LISTED RECORDS -

Lemma continuous_induction_gt0 g a b : {within `[a, b], continuous g} -> 0 < g a ->
  (forall c : R, a < c <= b -> (forall t : R, a <= t < c -> 0 < g t) -> 0 <= g c -> 0 < g c) ->
  forall t : R, a <= t <= b -> 0 < g t.
Proof.
move=> cg ga step z /andP[az zb]; rewrite ltNge; apply/negP => gz.
pose S := [set t | a <= t <= b /\ g t <= 0].
have Sz : S z by split => //; rewrite az.
have lbS : has_lbound S by exists a => t [/andP[]].
have infS : has_inf S by split => //; exists z.
set c := inf S.
have ac : a <= c by apply: lb_le_inf; [exists z | move=> t [/andP[]]].
have cb : c <= b := le_trans (ge_inf lbS Sz) zb.
have abc : `[a, b]%classic c by rewrite /= in_itv /= ac cb.
have gpos t : a <= t < c -> 0 < g t.
  move=> /andP[a_t tc]; rewrite ltNge; apply/negP => gt.
  have St : S t by split => //; rewrite a_t (le_trans (ltW tc) cb).
  by move: (ge_inf lbS St); rewrite leNgt tc.
have gc_le0 : g c <= 0.
  rewrite leNgt; apply/negP => gc.
  have [d d0 near_c] := within_continuous_dist cg abc gc.
  have [y Sy ycd] := inf_adherent d0 infS.
  have cy : c <= y := ge_inf lbS Sy.
  case: Sy => /andP[ay yb] gy.
  have := near_c y; rewrite /= in_itv /= ay yb distrC ger0_norm ?subr_ge0 //.
  by move=> /(_ isT); rewrite ltr_norml; lra.
have ac' : a < c.
  rewrite lt_neqAle ac andbT; apply/eqP => ac_eq.
  by move: gc_le0; rewrite -ac_eq leNgt ga.
have gc_ge0 : 0 <= g c.
  rewrite leNgt; apply/negP; rewrite -oppr_gt0 => gc.
  have [d d0 near_c] := within_continuous_dist cg abc gc.
  have [t [a_t tc ctd]] : exists t, [/\ a <= t, t < c & c - t < d].
    by case: (ltP (c - d / 2) a) => ?; [exists a | exists (c - d / 2)]; split; lra.
  have := near_c t; rewrite /= in_itv /= a_t (le_trans (ltW tc) cb) ger0_norm ?subr_ge0 ?ltW //.
  have := gpos t; rewrite a_t tc.
  by move=> /(_ isT) gt /(_ isT ctd); rewrite ltr_norml; lra.
by move: gc_le0; rewrite leNgt step // ?ac' ?cb.
Qed.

WORK ORDER -
Your task is to copy every entry above, exactly as written.

TASK OUTPUT -
Lemma continuous_induction_gt0 g a b : {within `[a, b], continuous g} -> 0 < g a ->
  (forall c : R, a < c <= b -> (forall t : R, a <= t < c -> 0 < g t) -> 0 <= g c -> 0 < g c) ->
  forall t : R, a <= t <= b -> 0 < g t.
Proof.
move=> cg ga step z /andP[az zb]; rewrite ltNge; apply/negP => gz.
pose S := [set t | a <= t <= b /\ g t <= 0].
have Sz : S z by split => //; rewrite az.
have lbS : has_lbound S by exists a => t [/andP[]].
have infS : has_inf S by split => //; exists z.
set c := inf S.
have ac : a <= c by apply: lb_le_inf; [exists z | move=> t [/andP[]]].
have cb : c <= b := le_trans (ge_inf lbS Sz) zb.
have abc : `[a, b]%classic c by rewrite /= in_itv /= ac cb.
have gpos t : a <= t < c -> 0 < g t.
  move=> /andP[a_t tc]; rewrite ltNge; apply/negP => gt.
  have St : S t by split => //; rewrite a_t (le_trans (ltW tc) cb).
  by move: (ge_inf lbS St); rewrite leNgt tc.
have gc_le0 : g c <= 0.
  rewrite leNgt; apply/negP => gc.
  have [d d0 near_c] := within_continuous_dist cg abc gc.
  have [y Sy ycd] := inf_adherent d0 infS.
  have cy : c <= y := ge_inf lbS Sy.
  case: Sy => /andP[ay yb] gy.
  have := near_c y; rewrite /= in_itv /= ay yb distrC ger0_norm ?subr_ge0 //.
  by move=> /(_ isT); rewrite ltr_norml; lra.
have ac' : a < c.
  rewrite lt_neqAle ac andbT; apply/eqP => ac_eq.
  by move: gc_le0; rewrite -ac_eq leNgt ga.
have gc_ge0 : 0 <= g c.
  rewrite leNgt; apply/negP; rewrite -oppr_gt0 => gc.
  have [d d0 near_c] := within_continuous_dist cg abc gc.
  have [t [a_t tc ctd]] : exists t, [/\ a <= t, t < c & c - t < d].
    by case: (ltP (c - d / 2) a) => ?; [exists a | exists (c - d / 2)]; split; lra.
  have := near_c t; rewrite /= in_itv /= a_t (le_trans (ltW tc) cb) ger0_norm ?subr_ge0 ?ltW //.
  have := gpos t; rewrite a_t tc.
  by move=> /(_ isT) gt /(_ isT ctd); rewrite ltr_norml; lra.
by move: gc_le0; rewrite leNgt step // ?ac' ?cb.
Qed.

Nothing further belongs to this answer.